SUPPLIED MATERIAL:
(* Let $\psi_n,\psi^*_n$ ($n\in\mathbb{Z}$) satisfy the canonical anticommutation relations $[\psi^*_m,\psi^*_n]_+=[\psi_m,\psi_n]_+=0$, $[\psi^*_m,\psi_n]_+=\delta_{mn}$. Let $\gamma_n\ge0$ ($n\in\mathbb{Z}$) with only finitely many nonzero and $S_n=\sinh\gamma_n<1$, $C_n=\cosh\gamma_n$. Define $H_{mn}=\psi_n\psi^*_m+(-1)^{m-n+1}\psi_m\psi^*_n$ for $m>n$, $$\mathcal H=\sum_{m>n}(-1)^{m-n}C_mS_{m-1}\cdots S_{n+1}C_nH_{mn},$$ $$\phi(\theta)=\sum_nC_ne^{in\theta}\prod_{j\le n-1}(1+S_je^{-i\theta})\prod_{j\ge n+1}(1-S_je^{i\theta})\,\psi_n,\qquad \phi^*(\theta)=\sum_nC_ne^{-in\theta}\prod_{j\le n-1}(1-S_je^{i\theta})\prod_{j\ge n+1}(1+S_je^{-i\theta})\,\psi^*_n .$$ Then $$[\mathcal H,\phi(\theta)]=-(e^{i\theta}+e^{-i\theta})\phi(\theta),\qquad[\mathcal H,\phi^*(\theta)]=(e^{i\theta}+e^{-i\theta})\phi^*(\theta),$$ $$[\phi^*(\theta_1),\phi(\theta_2)]_+=\prod_j(1+S_je^{-i\theta_1})(1-S_je^{i\theta_1})\sum_{k\in\mathbb Z}e^{ik(\theta_1-\theta_2)}.$$
   Context: The infinite sums are formal linear combinations of the $\psi_n,\psi^*_n$ (respectively of bilinears), and commutators and anticommutators are computed termwise using the anticommutation relations; the last identity is an identity of formal Fourier series in $\theta_1,\theta_2$. Products over $j$ are finite since $S_j=0$ for all but finitely many $j$. *)

From HB Require Import structures.
From mathcomp Require Import all_boot all_order all_algebra.
From mathcomp Require Import all_classical all_reals all_analysis.
From mathcomp Require Import complex.

Set Implicit Arguments.
Unset Strict Implicit.
Unset Printing Implicit Defensive.

Import Order.TTheory GRing.Theory Num.Theory.
Local Open Scope classical_set_scope.
Local Open Scope ring_scope.
Local Open Scope complex_scope.

(* Justification of the termwise structure constants used below:           *)
(* in ANY ring containing elements psi n, psis n (n : int) satisfying the   *)
(* canonical anticommutation relations, the commutators of a bilinear       *)
(* psi_a psi*_b with a generator are again generators.                      *)

Definition CAR (A : pzRingType) (psi psis : int -> A) : Prop :=
  forall m n : int,
    [/\ psis m * psis n + psis n * psis m = 0,
        psi m * psi n + psi n * psi m = 0 &
        psis m * psi n + psi n * psis m = (m == n)%:R].

Lemma CAR_comm_psi (A : pzRingType) (psi psis : int -> A) :
  CAR psi psis -> forall a b k : int,
  psi a * psis b * psi k - psi k * (psi a * psis b) = (b == k)%:R * psi a.
Proof.
move=> H a b k.
have [_ Hpp Hsp] := H b k.
have [_ Hpp' _] := H k a.
have E1 : psis b * psi k = (b == k)%:R - psi k * psis b.
  by rewrite -Hsp addrK.
have E2 : psi k * psi a = - (psi a * psi k).
  by apply/eqP; rewrite -subr_eq0 opprK Hpp'.
rewrite -mulrA E1 mulrBr mulr_natr mulr_natl [psi k * (_ * _)]mulrA E2 mulNr mulrA.
by rewrite opprK subrK.
Qed.

Lemma CAR_comm_psis (A : pzRingType) (psi psis : int -> A) :
  CAR psi psis -> forall a b k : int,
  psi a * psis b * psis k - psis k * (psi a * psis b) = - ((a == k)%:R * psis b).
Proof.
move=> H a b k.
have [Hss _ _] := H b k.
have [_ _ Hsp] := H k a.
have E1 : psis k * psi a = (k == a)%:R - psi a * psis k.
  by rewrite -Hsp addrK.
have E2 : psis b * psis k = - (psis k * psis b).
  by apply/eqP; rewrite -subr_eq0 opprK Hss.
rewrite [psis k * _]mulrA E1 mulrBl eq_sym -mulrA E2 mulrN mulrA.
by rewrite opprB addrA addNr add0r.
Qed.

(* Formal (possibly infinite) linear combinations of the generators and of  *)
(* the bilinears psi_a psi*_b, with termwise (anti)commutators computed     *)
(* with the structure constants above.  All sums are finitely supported     *)
(* sums (fsbigop); in every use below only finitely many terms are nonzero. *)

(* sum_n cpsi n psi_n + sum_n cpsis n psi*_n *)
Record flin (K : Type) := FLin { cpsi : int -> K ; cpsis : int -> K }.

(* sum_{a,b} X a b psi_a psi*_b *)
Definition fbil (K : Type) := int -> int -> K.

Definition fscale (K : pzRingType) (c : K) (v : flin K) : flin K :=
  FLin (fun n => c * cpsi v n) (fun n => c * cpsis v n).

(* [X, v] termwise, using [psi_a psi*_b, psi_k] = delta_{bk} psi_a and
   [psi_a psi*_b, psi*_k] = - delta_{ak} psi*_b *)
Definition fcomm (K : pzRingType) (X : fbil K) (v : flin K) : flin K :=
  FLin (fun a => \sum_(b \in [set: int]) X a b * cpsi v b)
       (fun b => - \sum_(a \in [set: int]) X a b * cpsis v a).

(* [u, v]_+ termwise, using the CAR; a scalar *)
Definition facomm (K : pzRingType) (u v : flin K) : K :=
  \sum_(n \in [set: int]) (cpsis u n * cpsi v n + cpsi u n * cpsis v n).

Definition sinhR (R : realType) (x : R) : R := (expR x - expR (- x)) / 2.
Definition coshR (R : realType) (x : R) : R := (expR x + expR (- x)) / 2.

Definition expi (R : realType) (x : R) : R[i] := Complex (cos x) (sin x).

Section Objects.
Variables (R : realType) (gamma : int -> R).

Definition Sg (n : int) : R[i] := (sinhR (gamma n))%:C.
Definition Cg (n : int) : R[i] := (coshR (gamma n))%:C.

Definition Hmn (m n : int) : fbil R[i] := fun a b =>
  ((a == n) && (b == m))%:R + (-1) ^ (m - n + 1) * ((a == m) && (b == n))%:R.

Definition hcoef (m n : int) : R[i] :=
  (-1) ^ (m - n) * Cg m *
  (\big[*%R/1]_(j \in [set j : int | (n < j)%R && (j < m)%R]) Sg j) * Cg n.
Definition additive_axioms : Prop :=
  (forall (X Y Z W : Ob) (h : Mor Z W) (g : Mor Y Z) (f : Mor X Y),
         compm h (compm g f) = compm (compm h g) f) /\
      (forall (X Y : Ob) (f : Mor X Y), compm (idm Y) f = f /\ compm f (idm X) = f) /\
      (forall (X Y Z : Ob) (g1 g2 : Mor Y Z) (f : Mor X Y),
         compm (g1 + g2) f = compm g1 f + compm g2 f) /\
      (forall (X Y Z : Ob) (g : Mor Y Z) (f1 f2 : Mor X Y),
         compm g (f1 + f2) = compm g f1 + compm g f2) /\
      (exists Z : Ob, is_zero_obj Z) /\
      (forall X Y : Ob, exists (P : Ob) (i1 : Mor X P) (i2 : Mor Y P)
         (p1 : Mor P X) (p2 : Mor P Y), is_biprod i1 i2 p1 p2).

Definition shift_axioms : Prop :=
  (forall X : Ob, shiftm (idm X) = idm (shift X)) /\
      (forall (X Y Z : Ob) (g : Mor Y Z) (f : Mor X Y),
         shiftm (compm g f) = compm (shiftm g) (shiftm f)) /\
      (forall (X Y : Ob) (f g : Mor X Y), shiftm (f + g) = shiftm f + shiftm g) /\
      (forall (X Y : Ob) (f g : Mor X Y), shiftm f = shiftm g -> f = g) /\
      (forall (X Y : Ob) (h : Mor (shift X) (shift Y)), exists f : Mor X Y, shiftm f = h) /\
  (forall Y : Ob, exists X : Ob, iso (shift X) Y).

Definition TR0 : Prop :=
  forall (X Y Z X' Y' Z' : Ob) (u : Mor X Y) (v : Mor Y Z) (w : Mor Z (shift X))
    (u' : Mor X' Y') (v' : Mor Y' Z') (w' : Mor Z' (shift X'))
    (a : Mor X X') (b : Mor Y Y') (c : Mor Z Z')
    (a' : Mor X' X) (b' : Mor Y' Y) (c' : Mor Z' Z),
    compm a' a = idm X -> compm a a' = idm X' ->
    compm b' b = idm Y -> compm b b' = idm Y' ->
    compm c' c = idm Z -> compm c c' = idm Z' ->
    compm b u = compm u' a -> compm c v = compm v' b -> compm (shiftm a) w = compm w' c ->
    dist u v w -> dist u' v' w'.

WORK TASK:
Where a line above holds the string "mathcomp", copy that line.

TASK RESULT:
From mathcomp Require Import all_boot all_order all_algebra.
From mathcomp Require Import all_classical all_reals all_analysis.
From mathcomp Require Import complex.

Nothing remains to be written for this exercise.